● **PROVIDED DATA**:
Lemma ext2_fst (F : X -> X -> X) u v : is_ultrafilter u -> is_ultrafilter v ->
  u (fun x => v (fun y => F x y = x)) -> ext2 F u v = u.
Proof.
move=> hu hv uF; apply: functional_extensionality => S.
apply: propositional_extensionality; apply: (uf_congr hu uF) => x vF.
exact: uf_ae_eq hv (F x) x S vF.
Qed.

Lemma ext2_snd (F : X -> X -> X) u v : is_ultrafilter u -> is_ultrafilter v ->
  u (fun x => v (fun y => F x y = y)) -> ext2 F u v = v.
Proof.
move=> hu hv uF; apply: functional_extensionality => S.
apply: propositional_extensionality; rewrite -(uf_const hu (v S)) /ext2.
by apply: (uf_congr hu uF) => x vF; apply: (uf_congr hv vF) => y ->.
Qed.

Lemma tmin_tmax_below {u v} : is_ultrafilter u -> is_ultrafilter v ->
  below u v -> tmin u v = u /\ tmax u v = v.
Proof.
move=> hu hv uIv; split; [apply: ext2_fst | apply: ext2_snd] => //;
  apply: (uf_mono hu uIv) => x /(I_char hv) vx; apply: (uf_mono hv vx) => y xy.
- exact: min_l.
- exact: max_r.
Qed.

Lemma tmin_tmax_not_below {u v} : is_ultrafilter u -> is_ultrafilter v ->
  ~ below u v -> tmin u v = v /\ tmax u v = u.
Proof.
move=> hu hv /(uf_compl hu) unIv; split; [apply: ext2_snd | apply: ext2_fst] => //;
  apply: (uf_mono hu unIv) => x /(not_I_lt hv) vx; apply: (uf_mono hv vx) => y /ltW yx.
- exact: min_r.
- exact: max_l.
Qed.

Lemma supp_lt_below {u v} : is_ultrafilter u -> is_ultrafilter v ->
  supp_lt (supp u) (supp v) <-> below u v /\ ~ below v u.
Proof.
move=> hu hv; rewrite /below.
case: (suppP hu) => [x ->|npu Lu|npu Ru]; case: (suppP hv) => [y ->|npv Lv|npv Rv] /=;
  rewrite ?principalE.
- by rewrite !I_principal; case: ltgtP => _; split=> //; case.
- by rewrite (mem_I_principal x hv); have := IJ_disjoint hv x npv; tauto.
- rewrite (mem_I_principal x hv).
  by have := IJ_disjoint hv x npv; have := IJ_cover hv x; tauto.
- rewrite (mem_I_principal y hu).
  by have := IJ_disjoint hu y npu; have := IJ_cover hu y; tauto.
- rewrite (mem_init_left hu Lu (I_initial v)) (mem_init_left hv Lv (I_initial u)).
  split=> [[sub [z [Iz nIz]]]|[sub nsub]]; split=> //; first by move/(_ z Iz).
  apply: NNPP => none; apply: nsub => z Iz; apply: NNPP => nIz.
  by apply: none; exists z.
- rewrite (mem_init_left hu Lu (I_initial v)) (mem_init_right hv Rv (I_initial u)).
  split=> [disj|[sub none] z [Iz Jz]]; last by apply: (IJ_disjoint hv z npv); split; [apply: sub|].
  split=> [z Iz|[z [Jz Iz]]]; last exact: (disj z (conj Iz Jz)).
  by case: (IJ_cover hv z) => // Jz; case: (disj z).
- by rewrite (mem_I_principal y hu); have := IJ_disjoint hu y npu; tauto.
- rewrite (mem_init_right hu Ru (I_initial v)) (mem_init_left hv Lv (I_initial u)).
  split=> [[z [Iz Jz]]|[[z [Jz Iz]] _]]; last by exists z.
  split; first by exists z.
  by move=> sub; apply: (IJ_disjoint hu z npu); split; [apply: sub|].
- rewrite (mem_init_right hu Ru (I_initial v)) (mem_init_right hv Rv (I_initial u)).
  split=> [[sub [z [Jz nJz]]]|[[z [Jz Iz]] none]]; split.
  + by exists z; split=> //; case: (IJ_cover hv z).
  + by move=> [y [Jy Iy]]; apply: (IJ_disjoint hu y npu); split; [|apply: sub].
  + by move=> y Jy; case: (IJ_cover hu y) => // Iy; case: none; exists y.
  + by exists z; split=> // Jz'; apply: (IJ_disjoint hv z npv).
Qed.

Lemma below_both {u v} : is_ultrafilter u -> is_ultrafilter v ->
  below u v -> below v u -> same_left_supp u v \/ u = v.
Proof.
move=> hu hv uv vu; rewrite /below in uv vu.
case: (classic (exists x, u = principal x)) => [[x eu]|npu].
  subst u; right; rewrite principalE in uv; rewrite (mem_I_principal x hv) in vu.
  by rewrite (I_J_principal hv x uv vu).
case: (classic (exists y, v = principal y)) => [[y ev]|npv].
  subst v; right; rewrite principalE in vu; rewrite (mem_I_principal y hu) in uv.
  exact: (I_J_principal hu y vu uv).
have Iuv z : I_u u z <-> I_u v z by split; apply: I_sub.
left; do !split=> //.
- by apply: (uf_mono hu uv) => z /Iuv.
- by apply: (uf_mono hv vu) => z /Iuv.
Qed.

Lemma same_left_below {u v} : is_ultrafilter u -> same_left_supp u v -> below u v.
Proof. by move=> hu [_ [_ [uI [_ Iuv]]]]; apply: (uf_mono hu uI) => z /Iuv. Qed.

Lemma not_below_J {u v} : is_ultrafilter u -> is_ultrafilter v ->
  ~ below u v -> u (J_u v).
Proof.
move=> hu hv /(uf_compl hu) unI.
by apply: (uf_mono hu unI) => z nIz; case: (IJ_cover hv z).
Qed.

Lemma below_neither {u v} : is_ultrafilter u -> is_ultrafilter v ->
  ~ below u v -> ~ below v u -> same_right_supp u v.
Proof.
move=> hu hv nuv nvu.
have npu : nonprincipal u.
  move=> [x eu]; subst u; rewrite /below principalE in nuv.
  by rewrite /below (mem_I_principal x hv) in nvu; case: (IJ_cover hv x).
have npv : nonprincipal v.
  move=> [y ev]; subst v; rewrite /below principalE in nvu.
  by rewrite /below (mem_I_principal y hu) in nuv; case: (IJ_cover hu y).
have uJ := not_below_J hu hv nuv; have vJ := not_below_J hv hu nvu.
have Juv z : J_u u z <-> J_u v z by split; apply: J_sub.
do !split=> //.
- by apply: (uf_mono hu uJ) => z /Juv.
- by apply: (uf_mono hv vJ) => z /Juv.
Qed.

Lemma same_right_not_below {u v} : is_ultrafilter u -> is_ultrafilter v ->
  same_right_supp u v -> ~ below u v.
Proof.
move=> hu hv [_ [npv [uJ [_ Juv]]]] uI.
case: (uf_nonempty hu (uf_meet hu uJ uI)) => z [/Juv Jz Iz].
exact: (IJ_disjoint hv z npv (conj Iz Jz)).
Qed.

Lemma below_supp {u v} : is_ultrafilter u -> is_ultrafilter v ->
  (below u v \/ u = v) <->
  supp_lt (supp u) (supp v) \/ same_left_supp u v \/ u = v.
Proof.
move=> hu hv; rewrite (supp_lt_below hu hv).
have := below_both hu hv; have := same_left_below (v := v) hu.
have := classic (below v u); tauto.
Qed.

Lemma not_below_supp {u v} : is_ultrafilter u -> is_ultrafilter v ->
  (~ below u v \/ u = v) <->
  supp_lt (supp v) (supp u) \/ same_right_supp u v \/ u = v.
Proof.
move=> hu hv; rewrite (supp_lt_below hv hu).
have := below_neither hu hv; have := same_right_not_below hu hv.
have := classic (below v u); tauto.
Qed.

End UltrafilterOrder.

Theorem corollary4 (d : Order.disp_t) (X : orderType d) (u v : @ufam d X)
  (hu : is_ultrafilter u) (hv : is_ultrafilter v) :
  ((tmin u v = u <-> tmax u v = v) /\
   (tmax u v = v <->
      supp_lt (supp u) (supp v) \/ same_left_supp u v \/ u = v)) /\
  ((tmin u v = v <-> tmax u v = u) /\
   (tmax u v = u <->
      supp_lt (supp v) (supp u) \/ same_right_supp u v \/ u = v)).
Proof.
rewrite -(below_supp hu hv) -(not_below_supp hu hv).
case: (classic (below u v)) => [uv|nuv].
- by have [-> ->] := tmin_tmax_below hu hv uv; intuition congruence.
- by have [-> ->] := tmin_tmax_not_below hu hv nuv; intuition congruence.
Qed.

● **WORK TASK**:
Please give back exactly the lines of this listing beginning at the line with "same_right_supp u v." and ending with the line with "(below u v \/ u = v) <->", both included, and nothing else.

● **SOLUTION TO THIS PROBLEM**:
  ~ below u v -> ~ below v u -> same_right_supp u v.
Proof.
move=> hu hv nuv nvu.
have npu : nonprincipal u.
  move=> [x eu]; subst u; rewrite /below principalE in nuv.
  by rewrite /below (mem_I_principal x hv) in nvu; case: (IJ_cover hv x).
have npv : nonprincipal v.
  move=> [y ev]; subst v; rewrite /below principalE in nvu.
  by rewrite /below (mem_I_principal y hu) in nuv; case: (IJ_cover hu y).
have uJ := not_below_J hu hv nuv; have vJ := not_below_J hv hu nvu.
have Juv z : J_u u z <-> J_u v z by split; apply: J_sub.
do !split=> //.
- by apply: (uf_mono hu uJ) => z /Juv.
- by apply: (uf_mono hv vJ) => z /Juv.
Qed.

Lemma same_right_not_below {u v} : is_ultrafilter u -> is_ultrafilter v ->
  same_right_supp u v -> ~ below u v.
Proof.
move=> hu hv [_ [npv [uJ [_ Juv]]]] uI.
case: (uf_nonempty hu (uf_meet hu uJ uI)) => z [/Juv Jz Iz].
exact: (IJ_disjoint hv z npv (conj Iz Jz)).
Qed.

Lemma below_supp {u v} : is_ultrafilter u -> is_ultrafilter v ->
  (below u v \/ u = v) <->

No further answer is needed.